New York, Part 2 update

My second visit to New York was equally interesting to the first. My first visit was like visiting an alien world, or actually more like discovering that a fairy tale city that I only knew of from TV and books actually did exist. I was beyond glamour-struck at the subway and the skyscrapers and the lifestyle.

Probably because of the impression that initial visit made I've been back to big cities again and again in the following years. I love big cities and won't rest until I've been to them all.

And yet New York still found ways to surprise and amaze me.

High Line Park amazed me. A park above the city, how does that work? There were colorful flowers and amphitheatres, a walking path, food and art vendors, and some young people just out there chilling during the middle of the day. It seemed like a place that could easily not work, and yet it absolutely did. It's an oasis of peace above the big city.

I was excited to see the Statue of Liberty this time around, as tourist-y as that might sound. I'd never seen her green copper panels up close. I got photos of her from every angle, trying as well as I could to see the writing on the book she was holding (it says July 4, 1776).  Even by 2012 standards she is towering and impressive. She's an artistic as well as technological marvel. Did you know the copper on her surface is only two pennies thick, and her structure (designed by Eiffel Tower engineer Alexandre-Gustave Eiffel) is similar to that of a skyscraper?

I wondered why there were so many foreign tourists at the Statue of Liberty. I guess you really can't say you've been to America unless you've taken a picture with the Statue of Liberty in the background. No other icon says "freedom" and "America" like the Statue of Liberty.

What else in New York amazed me? My sister took me to a Brazilian restaurant where I had one of the best meals I've ever eaten, a stew of sweet shrimp and perfect sauce made of yucca root. I savored every last grain of rice and scooped every last drop of the sauce I could with my fork. The second best meal was at a bagel shop in Queens. An egg on a sesame seed bagel and hot coffee, how New York is that? I could taste the freshness of the bagel. No place in El Paso could compare.
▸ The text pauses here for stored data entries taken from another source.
(* In the setting below, let $\alpha$ be a limit ordinal, let $\emptyset\neq x\subseteq M_\alpha$, let $I=\{\beta<\alpha: x\cap M_{\beta+1}\neq\emptyset\}$, and for $\beta\in I$ let $x_{\beta+1}=x\cap M_{\beta+1}$. Then $x\in M_{\alpha+1}$ if and only if $I\neq\emptyset$, $x=\bigcup_{\beta\in I}x_{\beta+1}$, and $x_{\beta+1}\in M_{\beta+2}$ for every $\beta\in I$.
   Context: Work in ZFA (ZF with a set $A$ of atoms, i.e. urelements that have no elements), extended by a primitive binary relation $\preccurlyeq$ on $A$, with Separation and Replacement holding for formulas mentioning $\preccurlyeq$. $A$ is an infinite set of atoms and $\preccurlyeq$ is a pre-ordering (reflexive, transitive) on $A$ with no minimal elements: for every $a\in A$ there is $b\in A$ with $b\preccurlyeq a$ and not $a\preccurlyeq b$. For $a\in A$, $pr(a)=\{b\in A:b\preccurlyeq a\}$; $LO(A,\preccurlyeq)$ is the set of nonempty $x\subseteq A$ with $pr(a)\subseteq x$ for all $a\in x$. For a set $X$ of sets, $LO(X,\subseteq)$ is the set of nonempty $x\subseteq X$ such that for every $y\in x$ and every $z\in X$ with $z\subseteq y$, $z\in x$. The magmatic hierarchy: $M_1=LO(A,\preccurlyeq)$; $M_{\alpha+1}=LO(M_\alpha,\subseteq)$ for $\alpha\geq1$; $M_\alpha=\bigcup_{1\leq\beta<\alpha}M_\beta$ for limit $\alpha$; $M=\bigcup_{\alpha\geq1}M_\alpha$. (Here $M_{0+1}=M_1$.) Limit ordinals are nonzero. *)

(* A model of ZFA-style sets over a type of atoms (Aczel-style
   well-founded trees with extensional equality), ordinals given by an
   arbitrary well-ordered type with successors, and the magmatic hierarchy. *)
From Stdlib Require Import List.

Inductive V (A : Type) : Type :=
| Atom : A -> V A
| Sup : forall Ix : Type, (Ix -> V A) -> V A.
Arguments Atom {A} _.
Arguments Sup {A} _ _.

Fixpoint veq {A : Type} (x y : V A) : Prop :=
  match x with
  | Atom a => match y with Atom b => a = b | Sup _ _ => False end
  | Sup Ix f =>
      match y with
      | Atom _ => False
      | Sup J g => (forall i, exists j, veq (f i) (g j)) /\
                   (forall j, exists i, veq (f i) (g j))
      end
  end.

Definition mem {A : Type} (y x : V A) : Prop :=
  match x with
  | Atom _ => False
  | Sup Ix f => exists i, veq y (f i)
  end.

Definition vsub {A : Type} (y z : V A) : Prop := forall w, mem w y -> mem w z.

Definition sep {A : Type} (x : V A) (P : V A -> Prop) : V A :=
  match x with
  | Atom a => Atom a
  | Sup Ix f => Sup {i : Ix | P (f i)} (fun i => f (proj1_sig i))
  end.

(** Well-ordered types with a successor function (standing in for the
    class of ordinals). *)
Record WOrd := {
  ord :> Type;
  olt : ord -> ord -> Prop;
  olt_wf : well_founded olt;
  olt_trans : forall a b c, olt a b -> olt b c -> olt a c;
  olt_total : forall a b, olt a b \/ a = b \/ olt b a;
  osucc : ord -> ord;
  osucc_lt : forall a, olt a (osucc a);
  osucc_least : forall a d, olt a d -> ~ olt d (osucc a)
}.
Arguments olt {w} _ _.
Arguments osucc {w} _.

Definition is_zero {O : WOrd} (g : O) : Prop := forall d, ~ olt d g.
Definition is_limit {O : WOrd} (g : O) : Prop :=
  (exists d, olt d g) /\ forall b, g <> osucc b.

Definition LO_atoms {A : Type} (le : A -> A -> Prop) (x : V A) : Prop :=
  (exists y, mem y x) /\
  (forall y, mem y x -> exists a, veq y (Atom a)) /\
  (forall a b, mem (Atom a) x -> le b a -> mem (Atom b) x).

Definition LO_sub {A : Type} (X : V A -> Prop) (x : V A) : Prop :=
  (exists y, mem y x) /\
  (forall y, mem y x -> X y) /\
  (forall y z, mem y x -> X z -> vsub z y -> mem z x).

(** One step of the transfinite recursion defining M_γ
    (M_0 = ∅, M_1 = LO(A,≼), M_{β+1} = LO(M_β,⊆) for β ≥ 1,
     M_λ = ⋃_{β<λ} M_β for limit λ). *)
Definition Mbody {A : Type} (le : A -> A -> Prop) (O : WOrd) (g : O)
    (rec : forall d : O, olt d g -> V A -> Prop) : V A -> Prop :=
  fun x =>
    (exists b (h : olt b g), g = osucc b /\
        ((is_zero b /\ LO_atoms le x) \/ (~ is_zero b /\ LO_sub (rec b h) x)))
    \/ (is_limit g /\ exists b (h : olt b g), rec b h x).

Definition Mh {A : Type} (le : A -> A -> Prop) {O : WOrd} : O -> V A -> Prop :=
  Fix (olt_wf O) (fun _ => V A -> Prop) (Mbody le O).

(* Since α is a limit, M_α is the union of the successor stages M_{β+1}, β < α,
   so x ⊆ M_α is the union of its slices x_{β+1}.  If x is a ⊆-initial segment
   of M_α, each slice is a ⊆-initial segment of M_{β+1}.  Conversely, if z ⊆ y
   with z ∈ M_α and y ∈ x_{β+1}, then z already lies in M_{β+1}: membership in
   the stage of a set is inherited by its subsets that belong to M at all
   (by ∈-induction on the larger set).  Hence z ∈ x_{β+1} ⊆ x. *)
From Stdlib Require Import List FunctionalExtensionality.

Lemma veq_sym {A} (x y : V A) : veq x y -> veq y x.
Proof.
  revert y; induction x as [a|Ix f IH]; destruct y as [b|J g]; simpl; intros H;
    auto; try contradiction.
  destruct H as [H1 H2]; split.
  - intros j; destruct (H2 j) as [i Hi]; exists i; apply IH; auto.
  - intros i; destruct (H1 i) as [j Hj]; exists j; apply IH; auto.
Qed.

Lemma veq_trans {A} (x y z : V A) : veq x y -> veq y z -> veq x z.
Proof.
  revert y z; induction x as [a|Ix f IH]; destruct y as [b|J g]; destruct z as [c|K h];
    simpl; intros H H'; try contradiction; try congruence.
  destruct H as [H1 H2]; destruct H' as [H1' H2']; split.
  - intros i; destruct (H1 i) as [j Hj]; destruct (H1' j) as [k Hk]; exists k; eauto.
  - intros k; destruct (H2' k) as [j Hj]; destruct (H2 j) as [i Hi]; exists i; eauto.
Qed.

Lemma mem_veq_r {A} (y x x' : V A) : mem y x -> veq x x' -> mem y x'.
Proof.
  destruct x as [a|Ix f]; destruct x' as [b|J g]; simpl; intros H H'; try contradiction.
  destruct H as [i Hi]; destruct H' as [H1 _]; destruct (H1 i) as [j Hj].
  exists j; eapply veq_trans; eauto.
Qed.

Lemma vsub_veq_r {A} (w y y' : V A) : vsub w y -> veq y y' -> vsub w y'.
Proof. intros H E z Hz; exact (mem_veq_r z y y' (H z Hz) E). Qed.

Lemma mem_sep {A} (P : V A -> Prop) (x z : V A) :
  (forall y y', veq y y' -> P y -> P y') ->
  mem z (sep x P) <-> mem z x /\ P z.
Proof.
  intros HP; destruct x as [a|Ix f]; simpl; [tauto|split].
  - intros [[i Pi] Hi]; simpl in Hi.
    split; [exists i; exact Hi | exact (HP _ _ (veq_sym _ _ Hi) Pi)].
  - intros [[i Hi] Pz]; exists (exist _ i (HP _ _ Hi Pz)); exact Hi.
Qed.

Lemma osucc_inj {O : WOrd} (a b : O) : osucc a = osucc b -> a = b.
Proof.
  intros E; destruct (olt_total O a b) as [H|[H|H]]; auto; exfalso.
  - apply (osucc_least O a b H); rewrite E; apply osucc_lt.
  - apply (osucc_least O b a H); rewrite <- E; apply osucc_lt.
Qed.

Lemma osucc_not_zero {O : WOrd} (b : O) : ~ is_zero (osucc b).
Proof. intros Z; exact (Z b (osucc_lt O b)). Qed.

Lemma limit_not_zero {O : WOrd} (g : O) : is_limit g -> ~ is_zero g.
Proof. intros [[d Hd] _] Z; exact (Z d Hd). Qed.

Lemma limit_osucc_lt {O : WOrd} (g b : O) : is_limit g -> olt b g -> olt (osucc b) g.
Proof.
  intros [_ L] Hb; destruct (olt_total O (osucc b) g) as [H|[H|H]]; auto; exfalso.
  - exact (L b (eq_sym H)).
  - exact (osucc_least O b g Hb H).
Qed.

Section Magmatic.

Variables (A : Type) (le : A -> A -> Prop) (O : WOrd).

Definition succ_stage (b : O) (x : V A) : Prop :=
  (is_zero b /\ LO_atoms le x) \/ (~ is_zero b /\ LO_sub (Mh le b) x).

Lemma Mh_unfold (g : O) (x : V A) :
  Mh le g x <-> (exists b, g = osucc b /\ succ_stage b x) \/
                (is_limit g /\ exists b, olt b g /\ Mh le b x).
Proof.
  assert (Hfix : Mh le g = Mbody le O g (fun d _ => Mh le d)).
  { unfold Mh; rewrite Fix_eq; [reflexivity|].
    intros g' f1 f2 H.
    replace f2 with f1; [reflexivity|].
    apply functional_extensionality_dep; intro d.
    apply functional_extensionality_dep; intro h; apply H. }
  rewrite Hfix; unfold Mbody, succ_stage; split.
  - intros [[b [h [E H]]]|[L [b [h H]]]]; [left | right]; eauto.
  - intros [[b [E H]]|[L [b [h H]]]].
    + left; exists b, (eq_rect_r (olt b) (osucc_lt O b) E); auto.
    + right; eauto.
Qed.

Lemma Mh_succ (b : O) (x : V A) : Mh le (osucc b) x <-> succ_stage b x.
Proof.
  rewrite Mh_unfold; split.
  - intros [[b' [E H]]|[[_ L] _]].
    + apply osucc_inj in E; subst; auto.
    + exfalso; exact (L b eq_refl).
  - intros H; left; eauto.
Qed.

Lemma Mh_succ_LO_sub (b : O) (x : V A) :
  ~ is_zero b -> Mh le (osucc b) x <-> LO_sub (Mh le b) x.
Proof. rewrite Mh_succ; unfold succ_stage; tauto. Qed.

Lemma Mh_iff_succ_stage (g : O) (x : V A) :
  Mh le g x <-> exists b, succ_stage b x /\
                          (g = osucc b \/ (is_limit g /\ olt (osucc b) g)).
Proof.
  split.
  - revert x; induction (olt_wf O g) as [g _ IH]; intros x H.
    apply Mh_unfold in H; destruct H as [[b [E H]]|[L [b [h H]]]]; [exists b; auto|].
    destruct (IH b h x H) as [c [Sc Ec]]; exists c; split; auto; right; split; auto.
    destruct Ec as [E|[_ E]]; [subst; auto | eapply olt_trans; eauto].
  - intros [b [S [E|[L E]]]].
    + subst; apply Mh_succ; auto.
    + apply Mh_unfold; right; split; auto.
      exists (osucc b); split; auto; apply Mh_succ; auto.
Qed.

Lemma Mh_limit (g : O) (x : V A) :
  is_limit g -> Mh le g x <-> exists b, olt b g /\ Mh le (osucc b) x.
Proof.
  intros Lg; rewrite Mh_iff_succ_stage; split.
  - intros [b [S [E|[_ E]]]].
    + exfalso; exact (proj2 Lg b E).
    + exists b; split; [eapply olt_trans; [apply osucc_lt | exact E] | apply Mh_succ; auto].
  - intros [b [Hb H]]; exists b; split; [apply Mh_succ; auto|].
    right; split; auto; apply limit_osucc_lt; auto.
Qed.

Lemma succ_stage_nonempty (b : O) (x : V A) : succ_stage b x -> exists y, mem y x.
Proof. intros [[_ [H _]]|[_ [H _]]]; auto. Qed.

Lemma Mh_nonempty (g : O) (x : V A) : Mh le g x -> exists y, mem y x.
Proof.
  rewrite Mh_iff_succ_stage; intros [b [S _]]; eapply succ_stage_nonempty; eauto.
Qed.

Lemma Mh_not_atom (g : O) (y : V A) (a : A) : Mh le g y -> ~ veq y (Atom a).
Proof.
  intros H E; destruct (Mh_nonempty g y H) as [z Hz]; exact (mem_veq_r z y _ Hz E).
Qed.

Lemma succ_stage_ext (b : O) (x x' : V A) :
  (forall y, mem y x <-> mem y x') -> succ_stage b x -> succ_stage b x'.
Proof.
  unfold succ_stage, LO_atoms, LO_sub; intros H [[Z [[y Hy] [Ha Hd]]]|[Z [[y Hy] [Ha Hd]]]].
  - left; split; auto; split; [exists y; apply H; auto|split].
    + intros y' Hy'; apply Ha, H; auto.
    + intros a c Ha' Hl; apply H; apply Hd with a; auto; apply H; auto.
  - right; split; auto; split; [exists y; apply H; auto|split].
    + intros y' Hy'; apply Ha, H; auto.
    + intros y' z Hy' Hz Hs; apply H; apply Hd with y'; auto; apply H; auto.
Qed.

Lemma Mh_veq (g : O) (x x' : V A) : veq x x' -> Mh le g x -> Mh le g x'.
Proof.
  intros E; rewrite !Mh_iff_succ_stage; intros [b [S L]]; exists b; split; auto.
  apply (succ_stage_ext b x); auto.
  intros y; split; intros Hy; eapply mem_veq_r; eauto using veq_sym.
Qed.

Lemma succ_stage_mem_atom (b : O) (x y : V A) :
  succ_stage b x -> mem y x -> (is_zero b <-> exists a, veq y (Atom a)).
Proof.
  intros [[Z [_ [Ha _]]]|[Z [_ [Hm _]]]] Hy; split; auto.
  - contradiction.
  - intros [a Ha]; destruct (Mh_not_atom b y a (Hm y Hy) Ha).
Qed.

Lemma Mh_sub_closed (u : V A) :
  forall (w : V A) (g d : O), Mh le g w -> Mh le d u -> vsub w u -> Mh le d w.
Proof.
  induction u as [a|Ix f IH]; intros w g d Hw Hu Hs.
  { exfalso; destruct (Mh_nonempty d _ Hu) as [y Hy]; exact Hy. }
  apply Mh_iff_succ_stage in Hu, Hw.
  destruct Hu as [b [Sb Lb]], Hw as [c [Sc _]].
  apply Mh_iff_succ_stage; exists b; split; auto.
  destruct (succ_stage_nonempty c w Sc) as [y0 Hy0].
  assert (Hzero : is_zero c <-> is_zero b).
  { rewrite (succ_stage_mem_atom c w y0 Sc Hy0).
    rewrite (succ_stage_mem_atom b _ y0 Sb (Hs y0 Hy0)); tauto. }
  destruct Sc as [[Zc Lc]|[Zc [_ [Ec Dc]]]]; [left; tauto|].
  destruct Sb as [[Zb _]|[Zb [_ [Eb _]]]]; [tauto|].
  right; split; auto; split; [exists y0; exact Hy0|split].
  - intros y Hy; apply Eb, Hs, Hy.
  - intros y z Hy Hz Hzy; apply Dc with y; auto.
    destruct (Hs y Hy) as [i Hi].
    apply (IH i z b c Hz); [exact (Mh_veq c y _ Hi (Ec y Hy)) | exact (vsub_veq_r z y _ Hzy Hi)].
Qed.

Section Limit.

Variables (alpha : O) (x : V A).
Hypothesis alpha_limit : is_limit alpha.

Definition slice_index (b : O) : Prop :=
  olt b alpha /\ exists z, mem z x /\ Mh le (osucc b) z.

Definition slice (b : O) : V A := sep x (Mh le (osucc b)).

Lemma mem_slice (b : O) (z : V A) : mem z (slice b) <-> mem z x /\ Mh le (osucc b) z.
Proof. apply mem_sep; intros y y' E; apply Mh_veq; exact E. Qed.

Lemma slice_cover (z : V A) :
  mem z x -> Mh le alpha z -> exists b, slice_index b /\ mem z (slice b).
Proof.
  intros Hz Ha; apply Mh_limit in Ha; auto; destruct Ha as [b [Hb Hm]].
  exists b; split; [split; eauto | apply mem_slice; auto].
Qed.

Lemma LO_sub_slice (b : O) :
  LO_sub (Mh le alpha) x -> slice_index b -> LO_sub (Mh le (osucc b)) (slice b).
Proof.
  intros [_ [_ Dx]] [Hb [z [Hz Hmz]]].
  split; [exists z; apply mem_slice; auto | split].
  - intros y Hy; apply mem_slice in Hy; tauto.
  - intros y z' Hy Hz' Hzy; apply mem_slice in Hy; apply mem_slice; split; auto.
    apply Dx with y; [tauto | apply Mh_limit; eauto | exact Hzy].
Qed.

Lemma LO_sub_of_slices :
  (exists y, mem y x) -> (forall y, mem y x -> Mh le alpha y) ->
  (forall b, slice_index b -> LO_sub (Mh le (osucc b)) (slice b)) ->
  LO_sub (Mh le alpha) x.
Proof.
  intros Hne Hsub Hsl; split; [exact Hne | split; [exact Hsub |]].
  intros y z Hy Hz Hzy.
  destruct (slice_cover y Hy (Hsub y Hy)) as [b [Ib Hyb]].
  destruct (Hsl b Ib) as [_ [_ Db]].
  apply mem_slice in Hyb; destruct Hyb as [_ Hyb].
  assert (Hzb : Mh le (osucc b) z) by exact (Mh_sub_closed y z alpha (osucc b) Hz Hyb Hzy).
  apply (proj1 (mem_slice b z)), Db with y; auto.
  apply mem_slice; auto.
Qed.

Lemma Mh_succ_limit_iff_slices :
  (exists y, mem y x) -> (forall y, mem y x -> Mh le alpha y) ->
  Mh le (osucc alpha) x <->
    ((exists b, slice_index b) /\
     (forall z, mem z x <-> exists b, slice_index b /\ mem z (slice b)) /\
     (forall b, slice_index b -> Mh le (osucc (osucc b)) (slice b))).
Proof.
  intros Hne Hsub.
  rewrite Mh_succ_LO_sub by (apply limit_not_zero; exact alpha_limit).
  assert (Hcover : forall z, mem z x <-> exists b, slice_index b /\ mem z (slice b)).
  { intros z; split.
    - intros Hz; exact (slice_cover z Hz (Hsub z Hz)).
    - intros [b [_ Hz]]; apply mem_slice in Hz; tauto. }
  assert (Hindex : exists b, slice_index b).
  { destruct Hne as [y Hy]; destruct (proj1 (Hcover y) Hy) as [b [Ib _]]; eauto. }
  split.
  - intros Hx; split; [exact Hindex | split; [exact Hcover |]].
    intros b Ib; apply Mh_succ_LO_sub; [apply osucc_not_zero | exact (LO_sub_slice b Hx Ib)].
  - intros [_ [_ Hsl]]; apply LO_sub_of_slices; auto.
    intros b Ib; apply Mh_succ_LO_sub; [apply osucc_not_zero | exact (Hsl b Ib)].
Qed.

End Limit.

End Magmatic.

Theorem proposition4p9 (A : Type) (le : A -> A -> Prop) (O : WOrd) :
  (forall l : list A, exists a, ~ In a l) ->
  (forall a, le a a) ->
  (forall a b c, le a b -> le b c -> le a c) ->
  (forall a, exists b, le b a /\ ~ le a b) ->
  forall (alpha : O) (x : V A),
    is_limit alpha ->
    (exists y, mem y x) ->
    (forall y, mem y x -> Mh le alpha y) ->
    let I := fun b : O => olt b alpha /\ exists z, mem z x /\ Mh le (osucc b) z in
    let xs := fun b : O => sep x (Mh le (osucc b)) in
    Mh le (osucc alpha) x <->
      ((exists b, I b) /\
       (forall z, mem z x <-> exists b, I b /\ mem z (xs b)) /\
       (forall b, I b -> Mh le (osucc (osucc b)) (xs b))).
Proof.
  intros _ _ _ _ alpha x Hlim Hne Hsub.
  exact (Mh_succ_limit_iff_slices A le O alpha x Hlim Hne Hsub).
Qed.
One thing I've discovered that I like about big cities is the stores. Not that I am much of a shopper, but the variety and quality of what you can get in a big city really exceeds anything you could get in middle America. Mood had endless rolls of silks and jerseys and chiffons, feathers, buttons of every kind, and even a dog.

And two independent bookstores, St. Mark's Bookshop and The Strand, fulfilled my literary fantasies. I bought two books and a copy of New York magazine at St. Mark's and picked up a free copy of the Village Voice. The Strand has three stories! I think my fantasy New York life is of the hyper-literary sort, hanging out at coffee shops and bookstores and finding an interesting crew to talk to about news and literature, writing a column called Books and the City :-).

During this visit to New York I really took notice of all the public art -- a mosaic in a subway tunnel, a stained glass window in a subway platform, fountains and sculptures in parks around the city. I was impressed because in my older age I'm more aware that it takes money and effort to have things like that. Yes, I would rather have a functional subway over a pretty-looking subway tunnel, but a mural did give me something to ponder on my way to the next platform. It sends a definite message -- art is important. Thank you, New York.

Subway station in Queens

At City Hall Park

Fountain at Central Park

Ketchup bottle at City Hall Park

New York is a place of greatness, of imagination, of fun. Could I be a New Yorker? Maybe. I think I had the same reaction coming home as I did after my last visit. New York = fast, El Paso = sloooow. Driving home on the uncrowded freeway on a Sunday I could feel my body relax taking in the bright sunshine and still, dry air, realizing I could take as long as I needed to get home. I drove by Downtown El Paso and compared to New York it seemed like a cute dollhouse version of a downtown. Not that I have anything against our Downtown, or a slower lifestyle. They are just different speeds on the machine. Sometimes I want things to be slow. Other times I yearn for excitement and something that wows -- a giant statue to marvel at, a park above the city, a beautiful sculpture in a public park, a ride on a subway, a three-story bookstore. I *heart* New York still.